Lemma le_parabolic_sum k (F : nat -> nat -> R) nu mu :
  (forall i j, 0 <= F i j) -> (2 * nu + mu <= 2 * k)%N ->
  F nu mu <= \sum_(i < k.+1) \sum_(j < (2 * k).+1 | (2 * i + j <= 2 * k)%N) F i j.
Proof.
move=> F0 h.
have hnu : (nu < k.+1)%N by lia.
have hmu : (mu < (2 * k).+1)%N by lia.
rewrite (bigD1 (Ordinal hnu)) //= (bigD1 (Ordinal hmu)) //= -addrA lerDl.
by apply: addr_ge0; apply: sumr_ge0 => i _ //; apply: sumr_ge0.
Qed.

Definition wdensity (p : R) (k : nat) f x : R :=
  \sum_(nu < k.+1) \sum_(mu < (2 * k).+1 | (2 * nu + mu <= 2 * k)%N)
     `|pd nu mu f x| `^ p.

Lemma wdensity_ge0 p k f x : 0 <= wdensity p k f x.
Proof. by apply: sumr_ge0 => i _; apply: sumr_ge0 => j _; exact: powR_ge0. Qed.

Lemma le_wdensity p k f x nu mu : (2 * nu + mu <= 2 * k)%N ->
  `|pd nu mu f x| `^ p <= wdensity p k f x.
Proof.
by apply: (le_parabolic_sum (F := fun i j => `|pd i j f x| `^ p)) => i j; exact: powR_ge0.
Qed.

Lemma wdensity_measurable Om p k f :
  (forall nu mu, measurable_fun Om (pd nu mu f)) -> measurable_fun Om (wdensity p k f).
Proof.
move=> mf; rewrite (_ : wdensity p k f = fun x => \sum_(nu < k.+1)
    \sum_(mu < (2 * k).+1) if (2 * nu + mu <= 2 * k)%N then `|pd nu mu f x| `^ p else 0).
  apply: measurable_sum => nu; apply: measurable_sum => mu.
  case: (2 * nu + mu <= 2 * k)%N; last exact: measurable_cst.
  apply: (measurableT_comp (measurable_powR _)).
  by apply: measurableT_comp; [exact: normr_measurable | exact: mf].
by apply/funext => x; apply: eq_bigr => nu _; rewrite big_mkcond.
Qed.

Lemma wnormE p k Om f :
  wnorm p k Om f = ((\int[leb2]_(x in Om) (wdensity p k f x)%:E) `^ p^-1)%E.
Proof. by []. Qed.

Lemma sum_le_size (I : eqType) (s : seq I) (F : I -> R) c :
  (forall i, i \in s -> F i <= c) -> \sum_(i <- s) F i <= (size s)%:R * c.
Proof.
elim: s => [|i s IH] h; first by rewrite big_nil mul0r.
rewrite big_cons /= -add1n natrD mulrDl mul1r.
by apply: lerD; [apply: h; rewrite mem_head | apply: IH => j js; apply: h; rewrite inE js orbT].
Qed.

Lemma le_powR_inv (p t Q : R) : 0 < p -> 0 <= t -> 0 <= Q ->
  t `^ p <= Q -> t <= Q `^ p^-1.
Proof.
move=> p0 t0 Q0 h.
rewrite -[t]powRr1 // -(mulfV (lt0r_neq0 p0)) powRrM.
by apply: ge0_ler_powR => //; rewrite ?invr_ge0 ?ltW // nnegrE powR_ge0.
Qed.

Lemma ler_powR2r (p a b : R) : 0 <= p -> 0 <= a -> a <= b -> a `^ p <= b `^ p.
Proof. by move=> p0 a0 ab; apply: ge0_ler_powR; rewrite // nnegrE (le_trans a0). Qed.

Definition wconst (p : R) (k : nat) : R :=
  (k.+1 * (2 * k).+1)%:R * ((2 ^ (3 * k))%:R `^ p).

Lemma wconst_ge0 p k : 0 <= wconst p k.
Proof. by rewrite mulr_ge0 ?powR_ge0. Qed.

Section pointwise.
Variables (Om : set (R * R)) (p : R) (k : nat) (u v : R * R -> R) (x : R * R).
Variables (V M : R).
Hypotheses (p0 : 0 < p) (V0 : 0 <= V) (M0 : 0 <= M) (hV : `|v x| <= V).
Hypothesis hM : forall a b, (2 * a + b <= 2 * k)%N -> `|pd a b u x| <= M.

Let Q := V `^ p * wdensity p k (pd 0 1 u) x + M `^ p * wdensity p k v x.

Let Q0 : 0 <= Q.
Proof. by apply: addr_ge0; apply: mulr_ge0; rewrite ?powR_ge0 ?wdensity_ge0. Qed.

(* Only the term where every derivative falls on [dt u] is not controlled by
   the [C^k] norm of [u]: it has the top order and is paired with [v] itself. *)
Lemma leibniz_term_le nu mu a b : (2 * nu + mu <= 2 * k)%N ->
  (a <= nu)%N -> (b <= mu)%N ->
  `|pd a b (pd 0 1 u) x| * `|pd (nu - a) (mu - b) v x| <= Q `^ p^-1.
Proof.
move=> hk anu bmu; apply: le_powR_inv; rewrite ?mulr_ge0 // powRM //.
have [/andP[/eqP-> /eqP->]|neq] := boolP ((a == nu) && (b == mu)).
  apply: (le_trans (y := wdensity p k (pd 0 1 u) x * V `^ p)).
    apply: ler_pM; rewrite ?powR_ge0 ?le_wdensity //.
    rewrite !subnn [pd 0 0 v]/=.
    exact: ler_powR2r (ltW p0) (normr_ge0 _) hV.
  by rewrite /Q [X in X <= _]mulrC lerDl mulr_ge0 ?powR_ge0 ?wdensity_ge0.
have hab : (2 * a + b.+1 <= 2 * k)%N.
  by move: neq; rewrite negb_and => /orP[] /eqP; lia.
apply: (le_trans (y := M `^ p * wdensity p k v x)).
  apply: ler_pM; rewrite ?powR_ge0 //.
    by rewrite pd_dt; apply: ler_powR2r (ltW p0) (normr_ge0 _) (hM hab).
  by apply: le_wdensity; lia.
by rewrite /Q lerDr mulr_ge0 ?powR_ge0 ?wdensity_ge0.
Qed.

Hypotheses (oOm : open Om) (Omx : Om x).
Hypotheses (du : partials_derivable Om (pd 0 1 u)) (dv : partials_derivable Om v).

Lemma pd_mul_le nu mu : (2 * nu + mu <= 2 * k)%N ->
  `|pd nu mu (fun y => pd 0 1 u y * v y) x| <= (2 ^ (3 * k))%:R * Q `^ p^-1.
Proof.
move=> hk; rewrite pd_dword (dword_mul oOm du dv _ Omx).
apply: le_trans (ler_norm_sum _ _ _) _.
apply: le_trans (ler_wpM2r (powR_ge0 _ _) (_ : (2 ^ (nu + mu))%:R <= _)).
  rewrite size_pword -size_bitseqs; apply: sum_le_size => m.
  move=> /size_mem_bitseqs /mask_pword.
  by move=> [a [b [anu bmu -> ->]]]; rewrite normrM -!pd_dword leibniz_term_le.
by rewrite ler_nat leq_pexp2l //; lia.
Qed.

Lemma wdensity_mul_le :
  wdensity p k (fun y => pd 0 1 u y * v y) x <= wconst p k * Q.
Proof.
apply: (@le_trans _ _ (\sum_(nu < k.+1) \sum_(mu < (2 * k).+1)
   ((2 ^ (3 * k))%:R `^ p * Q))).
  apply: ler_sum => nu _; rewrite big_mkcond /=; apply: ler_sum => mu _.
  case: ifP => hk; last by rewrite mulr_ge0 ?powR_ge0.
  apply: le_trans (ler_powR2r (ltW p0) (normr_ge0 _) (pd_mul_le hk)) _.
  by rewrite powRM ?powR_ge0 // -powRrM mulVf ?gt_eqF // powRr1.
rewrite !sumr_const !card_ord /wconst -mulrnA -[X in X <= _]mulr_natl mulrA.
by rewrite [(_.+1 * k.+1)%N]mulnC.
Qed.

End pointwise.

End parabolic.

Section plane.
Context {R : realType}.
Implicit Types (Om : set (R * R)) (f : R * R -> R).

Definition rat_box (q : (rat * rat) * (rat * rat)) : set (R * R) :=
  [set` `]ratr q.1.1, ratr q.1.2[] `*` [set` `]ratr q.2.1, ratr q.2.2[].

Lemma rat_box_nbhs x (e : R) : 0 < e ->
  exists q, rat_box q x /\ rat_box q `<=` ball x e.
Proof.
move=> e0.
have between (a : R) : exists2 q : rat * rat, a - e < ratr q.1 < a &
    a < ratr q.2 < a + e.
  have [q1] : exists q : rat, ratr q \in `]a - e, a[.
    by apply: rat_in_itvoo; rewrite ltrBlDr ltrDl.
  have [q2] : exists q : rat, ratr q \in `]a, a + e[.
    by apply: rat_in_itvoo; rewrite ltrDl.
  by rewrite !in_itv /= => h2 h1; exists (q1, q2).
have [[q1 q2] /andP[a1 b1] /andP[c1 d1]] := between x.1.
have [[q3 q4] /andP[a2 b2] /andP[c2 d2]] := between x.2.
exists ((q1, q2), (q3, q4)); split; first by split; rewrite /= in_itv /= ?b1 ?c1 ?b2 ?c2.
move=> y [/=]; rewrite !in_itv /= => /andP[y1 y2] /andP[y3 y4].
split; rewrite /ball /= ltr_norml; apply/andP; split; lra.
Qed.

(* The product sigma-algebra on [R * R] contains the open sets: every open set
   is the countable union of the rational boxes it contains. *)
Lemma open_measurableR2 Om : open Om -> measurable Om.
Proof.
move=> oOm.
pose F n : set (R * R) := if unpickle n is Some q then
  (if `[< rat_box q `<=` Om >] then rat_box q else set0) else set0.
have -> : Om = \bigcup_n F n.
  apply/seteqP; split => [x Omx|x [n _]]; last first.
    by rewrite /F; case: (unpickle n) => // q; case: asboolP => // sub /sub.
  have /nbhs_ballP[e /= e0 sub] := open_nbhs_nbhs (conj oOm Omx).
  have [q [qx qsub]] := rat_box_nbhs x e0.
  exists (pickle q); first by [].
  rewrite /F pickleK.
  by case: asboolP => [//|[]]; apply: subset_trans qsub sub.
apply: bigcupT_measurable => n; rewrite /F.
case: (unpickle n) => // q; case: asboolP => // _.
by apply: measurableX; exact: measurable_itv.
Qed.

***

§ **About this task**: Word for word, restate the lines of the data above that fall between the line holding "exact: ler_powR2r (ltW" and the line holding "apply: le_trans (ler_wpM2r", inclusive, and no other lines.

§ **Task result**:
    exact: ler_powR2r (ltW p0) (normr_ge0 _) hV.
  by rewrite /Q [X in X <= _]mulrC lerDl mulr_ge0 ?powR_ge0 ?wdensity_ge0.
have hab : (2 * a + b.+1 <= 2 * k)%N.
  by move: neq; rewrite negb_and => /orP[] /eqP; lia.
apply: (le_trans (y := M `^ p * wdensity p k v x)).
  apply: ler_pM; rewrite ?powR_ge0 //.
    by rewrite pd_dt; apply: ler_powR2r (ltW p0) (normr_ge0 _) (hM hab).
  by apply: le_wdensity; lia.
by rewrite /Q lerDr mulr_ge0 ?powR_ge0 ?wdensity_ge0.
Qed.

Hypotheses (oOm : open Om) (Omx : Om x).
Hypotheses (du : partials_derivable Om (pd 0 1 u)) (dv : partials_derivable Om v).

Lemma pd_mul_le nu mu : (2 * nu + mu <= 2 * k)%N ->
  `|pd nu mu (fun y => pd 0 1 u y * v y) x| <= (2 ^ (3 * k))%:R * Q `^ p^-1.
Proof.
move=> hk; rewrite pd_dword (dword_mul oOm du dv _ Omx).
apply: le_trans (ler_norm_sum _ _ _) _.
apply: le_trans (ler_wpM2r (powR_ge0 _ _) (_ : (2 ^ (nu + mu))%:R <= _)).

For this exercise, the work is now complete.